Information Box: Loss of SynchronizationThere is another puzzling kind of systemic instability that is highly relevant for our societies, as many socio-economic processes accelerate. It occurs when the separation of time scales gets lost. For example, hierarchical systems in physics and biology are characterized by the fact that adjustment processes on higher hierarchical levels are typically much slower than on lower hierarchical levels. Therefore, lower level variables adjust quickly to the constraints set by the higher level ones, and that is why the higher levels basically control the lower ones. For example, groups tend to take decisions more slowly than the individuals forming them, and the organizations and states made up from them change even more slowly (at least it has been like this in the past).
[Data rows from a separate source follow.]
(* Let $\mathbf{u}=(u_n)$ be an a-sequence. Then $\{x\in\mathbb{T}: \mathrm{supp}_\mathbf{u}(x)\text{ is finite}\}=t(s_\mathbf{u}(\mathbb{T}))$, the torsion subgroup of $s_\mathbf{u}(\mathbb{T})$.
   Context: An a-sequence is a strictly increasing sequence of integers $\mathbf{u}=(u_n)_{n\in\mathbb{N}}$ with $u_n\mid u_{n+1}$ for all $n$; ratios $q_0=u_0$, $q_n=u_n/u_{n-1}$. $\mathbb{T}=\mathbb{R}/\mathbb{Z}$, and each $x\in\mathbb{T}$ is identified with its representative in $[0,1)$. $s_\mathbf{u}(\mathbb{T})=\{x\in\mathbb{T}: u_nx\to0\text{ in }\mathbb{T}\}$. Canonical representation: for $x\in[0,1)$ there is a unique integer sequence $(c_n)_{n\ge1}$ with $0\le c_n<q_n$ for all $n$, $c_n<q_n-1$ for infinitely many $n$, and $x=\sum_{n\ge1}c_n/u_n$. Then $\mathrm{supp}_\mathbf{u}(x)=\{n: c_n\ne0\}$. *)

From Stdlib Require Import Reals Lra Lia Arith.
Open Scope R_scope.

(* An a-sequence: strictly increasing, u n divides u (n+1).
   (Positivity is automatic on nat: u 0 = 0 would force u 1 = 0.) *)
Definition a_sequence (u : nat -> nat) : Prop :=
  forall n : nat, (u n < u (S n))%nat /\ Nat.divide (u n) (u (S n)).

(* ratios: q_0 = u_0, q_n = u_n / u_{n-1} (exact division) *)
Definition ratio (u : nat -> nat) (n : nat) : nat :=
  match n with
  | O => u O
  | S m => (u (S m) / u m)%nat
  end.

(* c is the canonical representation of x (c 0 is irrelevant, indices n >= 1):
   0 <= c_n < q_n, c_n < q_n - 1 infinitely often, x = sum_{n>=1} c_n/u_n. *)
Definition canonical_rep (u : nat -> nat) (x : R) (c : nat -> nat) : Prop :=
  (forall n : nat, (1 <= n)%nat -> (c n < ratio u n)%nat) /\
  (forall N : nat, exists n : nat, (N <= n)%nat /\ (1 <= n)%nat /\
       (c n < ratio u n - 1)%nat) /\
  infinite_sum (fun k : nat => INR (c (S k)) / INR (u (S k))) x.

Definition finite_support (c : nat -> nat) : Prop :=
  exists N : nat, forall n : nat, (N <= n)%nat -> c n = 0%nat.

(* u_n x -> 0 in T = R/Z *)
Definition in_s_u (u : nat -> nat) (x : R) : Prop :=
  forall eps : R, 0 < eps -> exists N : nat, forall n : nat, (N <= n)%nat ->
    exists z : Z, Rabs (INR (u n) * x - IZR z) < eps.

Definition torsion_T (x : R) : Prop :=
  exists k : nat, (0 < k)%nat /\ exists z : Z, INR k * x = IZR z.

From Stdlib Require Import Reals Lra Lia Arith ZArith.
Open Scope R_scope.

(* If supp(x) is finite then x = sum_{n <= N} c_n / u_n, so u_M x is an integer for
   all M >= N, since u_n | u_M: hence u_M x -> 0 and x is torsion.  Conversely, if
   k x is an integer and u_N x is within 1/k of an integer b, then k (u_N x - b) is an
   integer of absolute value < 1, so u_N x = b and x = w / u_N with 0 <= w < u_N.  The
   digits of such an x are c_n = (w u_n / u_N) mod q_n, and they vanish for n > N,
   because w u_n / u_N is then the exact multiple (w u_{n-1} / u_N) q_n. *)

Lemma infinite_sum_eventually_const (f : nat -> R) (N : nat) (l : R) :
  (forall n, (N <= n)%nat -> sum_f_R0 f n = l) -> infinite_sum f l.
Proof.
  intros Hf eps Heps. exists N. intros n Hn.
  unfold R_dist. rewrite Hf by lia. rewrite Rminus_diag, Rabs_R0. lra.
Qed.

Lemma sum_f_R0_eventually_zero (f : nat -> R) (N : nat) :
  (forall k, (N <= k)%nat -> f k = 0) ->
  forall n, (N <= n)%nat -> sum_f_R0 f n = sum_f_R0 f N.
Proof.
  intros Hf n. induction n as [|n IH]; intros Hn.
  - replace N with 0%nat by lia. reflexivity.
  - destruct (Nat.eq_dec N (S n)) as [->|HN]; [reflexivity|].
    simpl. rewrite IH, Hf by lia. lra.
Qed.

Lemma infinite_sum_eventually_zero (f : nat -> R) (N : nat) (l : R) :
  (forall k, (N <= k)%nat -> f k = 0) -> infinite_sum f l -> l = sum_f_R0 f N.
Proof.
  intros Hf Hl. apply (uniqueness_sum f); [exact Hl|].
  apply infinite_sum_eventually_const with N.
  now apply sum_f_R0_eventually_zero.
Qed.

Lemma IZR_Rabs_lt_1 (m : Z) : Rabs (IZR m) < 1 -> m = 0%Z.
Proof.
  intros Hm. apply Rabs_def2 in Hm as [Hlt Hgt].
  assert (m < 1)%Z by (apply lt_IZR; exact Hlt).
  assert (-1 < m)%Z by (apply lt_IZR; simpl; lra).
  lia.
Qed.

Lemma near_integer_of_torsion (k a : nat) (z b : Z) (x : R) :
  (0 < k)%nat -> INR k * x = IZR z ->
  Rabs (INR a * x - IZR b) < / INR k -> INR a * x = IZR b.
Proof.
  intros Hk Hz Hab.
  assert (HkR : 0 < INR k) by (apply lt_0_INR; lia).
  set (m := (Z.of_nat a * z - Z.of_nat k * b)%Z).
  assert (Hm : IZR m = INR k * (INR a * x - IZR b)).
  { unfold m. rewrite minus_IZR, !mult_IZR, <- !INR_IZR_INZ, <- Hz. ring. }
  assert (Hm0 : m = 0%Z).
  { apply IZR_Rabs_lt_1. rewrite Hm, Rabs_mult, Rabs_right by lra.
    apply Rmult_lt_reg_l with (/ INR k); [now apply Rinv_0_lt_compat|].
    rewrite <- Rmult_assoc, Rinv_l, Rmult_1_l, Rmult_1_r by lra. exact Hab. }
  rewrite Hm0 in Hm. symmetry in Hm.
  apply Rmult_integral in Hm as [H|H]; lra.
Qed.

Lemma in_s_u_of_eventually_integral (u : nat -> nat) (x : R) (N : nat) :
  (forall M, (N <= M)%nat -> exists z : nat, INR (u M) * x = INR z) -> in_s_u u x.
Proof.
  intros Hint eps Heps. exists N. intros n Hn.
  destruct (Hint n Hn) as [z Hz]. exists (Z.of_nat z).
  rewrite <- INR_IZR_INZ, Hz, Rminus_diag, Rabs_R0. exact Heps.
Qed.

Lemma in_s_u_torsion_integral (u : nat -> nat) (x : R) :
  in_s_u u x -> torsion_T x -> exists N (b : Z), INR (u N) * x = IZR b.
Proof.
  intros Hs [k [Hk [z Hz]]].
  assert (HkR : 0 < INR k) by (apply lt_0_INR; lia).
  destruct (Hs (/ INR k) (Rinv_0_lt_compat _ HkR)) as [N HN].
  destruct (HN N (le_n N)) as [b Hb].
  exists N, b. exact (near_integer_of_torsion k (u N) z b x Hk Hz Hb).
Qed.

Section ASequence.

Variable u : nat -> nat.
Hypothesis hu : a_sequence u.
Hypothesis hu0 : u O = 1%nat.

Lemma a_sequence_pos (n : nat) : (0 < u n)%nat.
Proof. induction n as [|n IH]; [rewrite hu0; lia | destruct (hu n); lia]. Qed.

Lemma INR_a_sequence_pos (n : nat) : 0 < INR (u n).
Proof. apply lt_0_INR, a_sequence_pos. Qed.

Lemma ratio_mul (n : nat) : (ratio u (S n) * u n = u (S n))%nat.
Proof.
  destruct (hu n) as [_ [k Hk]]. pose proof (a_sequence_pos n).
  simpl. rewrite Hk, Nat.div_mul; lia.
Qed.

Lemma ratio_ge_2 (n : nat) : (2 <= ratio u (S n))%nat.
Proof.
  destruct (hu n) as [Hlt _]. pose proof (a_sequence_pos n).
  rewrite <- ratio_mul in Hlt. nia.
Qed.

Lemma a_sequence_divide (n m : nat) : (n <= m)%nat -> Nat.divide (u n) (u m).
Proof.
  induction m as [|m IH]; intros Hnm.
  - replace n with 0%nat by lia. apply Nat.divide_refl.
  - destruct (Nat.eq_dec n (S m)) as [->|Hn]; [apply Nat.divide_refl|].
    apply Nat.divide_trans with (u m); [apply IH; lia | apply (hu m)].
Qed.

Lemma mul_u_partial_sum_integral (c : nat -> nat) (m M : nat) :
  (S m <= M)%nat ->
  exists z : nat,
    INR (u M) * sum_f_R0 (fun k => INR (c (S k)) / INR (u (S k))) m = INR z.
Proof.
  assert (Hterm : forall j, (j <= M)%nat ->
             exists z : nat, INR (u M) * (INR (c j) / INR (u j)) = INR z).
  { intros j Hj. destruct (a_sequence_divide j M Hj) as [r Hr].
    exists (c j * r)%nat. pose proof (INR_a_sequence_pos j).
    rewrite Hr, !mult_INR. field. lra. }
  induction m as [|m IH]; intros Hm.
  - apply Hterm. lia.
  - destruct (IH ltac:(lia)) as [z1 Hz1]. destruct (Hterm (S (S m)) Hm) as [z2 Hz2].
    exists (z1 + z2)%nat. simpl. rewrite plus_INR, <- Hz1, <- Hz2. ring.
Qed.

Lemma finite_support_eventually_integral (c : nat -> nat) (x : R) :
  infinite_sum (fun k => INR (c (S k)) / INR (u (S k))) x -> finite_support c ->
  exists N, forall M, (N <= M)%nat -> exists z : nat, INR (u M) * x = INR z.
Proof.
  intros Hsum [N HN]. exists (S N). intros M HM.
  assert (Htail : forall k, (N <= k)%nat -> INR (c (S k)) / INR (u (S k)) = 0).
  { intros k Hk. rewrite HN by lia. simpl. lra. }
  rewrite (infinite_sum_eventually_zero _ N x Htail Hsum).
  now apply mul_u_partial_sum_integral.
Qed.

Lemma integral_mul_u_fraction (x : R) (N : nat) (b : Z) :
  0 <= x -> x < 1 -> INR (u N) * x = IZR b ->
  exists w : nat, (w < u N)%nat /\ x = INR w / INR (u N).
Proof.
  intros Hx0 Hx1 Hb. pose proof (INR_a_sequence_pos N) as HuN.
  assert (Hb0 : (0 <= b)%Z) by (apply le_IZR; rewrite <- Hb; nra).
  assert (Hb1 : (b < Z.of_nat (u N))%Z)
    by (apply lt_IZR; rewrite <- Hb, <- INR_IZR_INZ; nra).
  exists (Z.to_nat b). split; [lia|].
  rewrite INR_IZR_INZ, Z2Nat.id, <- Hb by exact Hb0. field. lra.
Qed.

Section Digits.

Variables w N : nat.
Hypothesis hw : (w < u N)%nat.

(* [numer n / u n] is [x = w / u N] truncated to n digits. *)
Definition numer (n : nat) : nat := (w * u n / u N)%nat.

Definition digit (n : nat) : nat := (numer n mod ratio u n)%nat.

Lemma numer_0 : numer 0 = 0%nat.
Proof. unfold numer. rewrite hu0, Nat.mul_1_r. now apply Nat.div_small. Qed.

Lemma numer_succ (n : nat) : numer (S n) = (numer n * ratio u (S n) + digit (S n))%nat.
Proof.
  pose proof (ratio_ge_2 n). pose proof (a_sequence_pos N).
  unfold digit. rewrite (Nat.div_mod (numer (S n)) (ratio u (S n))) at 1 by lia.
  rewrite (Nat.mul_comm (ratio u (S n))). f_equal. f_equal.
  unfold numer. rewrite Nat.Div0.div_div, <- ratio_mul.
  replace (w * (ratio u (S n) * u n))%nat with (w * u n * ratio u (S n))%nat by ring.
  apply Nat.Div0.div_mul_cancel_r. lia.
Qed.

Lemma numer_eventually (n : nat) :
  (N <= n)%nat -> exists r, u n = (r * u N)%nat /\ numer n = (w * r)%nat.
Proof.
  intros Hn. destruct (a_sequence_divide N n Hn) as [r Hr]. exists r.
  split; [exact Hr|]. pose proof (a_sequence_pos N).
  unfold numer. rewrite Hr, Nat.mul_assoc, Nat.div_mul; lia.
Qed.

Lemma numer_div_u_eventually (n : nat) :
  (N <= n)%nat -> INR (numer n) / INR (u n) = INR w / INR (u N).
Proof.
  intros Hn. destruct (numer_eventually n Hn) as [r [Hr ->]].
  pose proof (INR_a_sequence_pos n) as Hun. pose proof (INR_a_sequence_pos N).
  rewrite Hr, mult_INR in Hun |- *. rewrite mult_INR.
  assert (INR r <> 0) by (intro H0; rewrite H0 in Hun; lra).
  field. split; lra.
Qed.

Lemma digit_eventually_0 (n : nat) : (N <= n)%nat -> digit (S n) = 0%nat.
Proof.
  intros Hn. unfold digit.
  destruct (numer_eventually n Hn) as [r [Hr _]].
  destruct (numer_eventually (S n) ltac:(lia)) as [r' [Hr' ->]].
  pose proof (a_sequence_pos N).
  assert (r' = ratio u (S n) * r)%nat.
  { apply Nat.mul_cancel_r with (u N); [lia|].
    rewrite <- Hr', <- ratio_mul, Hr. ring. }
  subst r'. replace (w * (ratio u (S n) * r))%nat with (w * r * ratio u (S n))%nat by ring.
  apply Nat.Div0.mod_mul.
Qed.

Lemma digit_partial_sum (n : nat) :
  sum_f_R0 (fun k => INR (digit (S k)) / INR (u (S k))) n
  = INR (numer (S n)) / INR (u (S n)).
Proof.
  induction n as [|n IH].
  - simpl. rewrite numer_succ, numer_0. reflexivity.
  - simpl sum_f_R0. rewrite IH, (numer_succ (S n)), <- (ratio_mul (S n)).
    pose proof (INR_a_sequence_pos (S n)).
    assert (0 < INR (ratio u (S (S n)))) by (apply lt_0_INR; pose proof (ratio_ge_2 (S n)); lia).
    rewrite plus_INR, !mult_INR. field. split; lra.
Qed.

Lemma fraction_canonical_rep :
  canonical_rep u (INR w / INR (u N)) digit /\ finite_support digit.
Proof.
  split; [split; [|split]|].
  - intros [|n] Hn; [lia|]. apply Nat.mod_upper_bound.
    pose proof (ratio_ge_2 n). lia.
  - intros M. exists (S (N + M)). rewrite digit_eventually_0 by lia.
    pose proof (ratio_ge_2 (N + M)). lia.
  - apply infinite_sum_eventually_const with N. intros n Hn.
    rewrite digit_partial_sum. apply numer_div_u_eventually. lia.
  - exists (S N). intros [|n] Hn; [lia|]. apply digit_eventually_0. lia.
Qed.

End Digits.

End ASequence.

Theorem mainTheorem7 (u : nat -> nat) (hu : a_sequence u) (hu0 : u O = 1%nat)
  (x : R) (hx0 : 0 <= x) (hx1 : x < 1) :
  (exists c : nat -> nat, canonical_rep u x c /\ finite_support c)
  <-> (in_s_u u x /\ torsion_T x).
Proof.
  split.
  - intros [c [[_ [_ Hsum]] Hfin]].
    destruct (finite_support_eventually_integral u hu hu0 c x Hsum Hfin) as [N Hint].
    split; [exact (in_s_u_of_eventually_integral u x N Hint)|].
    destruct (Hint N (le_n N)) as [z Hz].
    exists (u N). split; [exact (a_sequence_pos u hu hu0 N)|].
    exists (Z.of_nat z). now rewrite <- INR_IZR_INZ.
  - intros [Hs Htor].
    destruct (in_s_u_torsion_integral u x Hs Htor) as [N [b Hb]].
    destruct (integral_mul_u_fraction u hu hu0 x N b hx0 hx1 Hb) as [w [Hw ->]].
    exists (digit u w N). exact (fraction_canonical_rep u hu hu0 w N Hw).
Qed.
Time scale separation implies that the system dynamics is determined by a few variables only, which are typically related to the higher hierarchy levels. Monarchies and oligarchies are good examples for this. In current socio-political and economic systems, however, we observe the trend that higher hierarchical levels show accelerating speeds of adjustment, such that the lower levels can no longer adjust more quickly than the higher levels. This may eventually destroy time scale separation, such that many more variables start to influence the system dynamics. The result of such mutual adjustment attempts on different hierarchical levels could be turbulence, "chaos," or a breakdown of synchronization. In fact, systems often get out of control, if the adjustment processes are not quick enough and responses to changed conditions are delayed.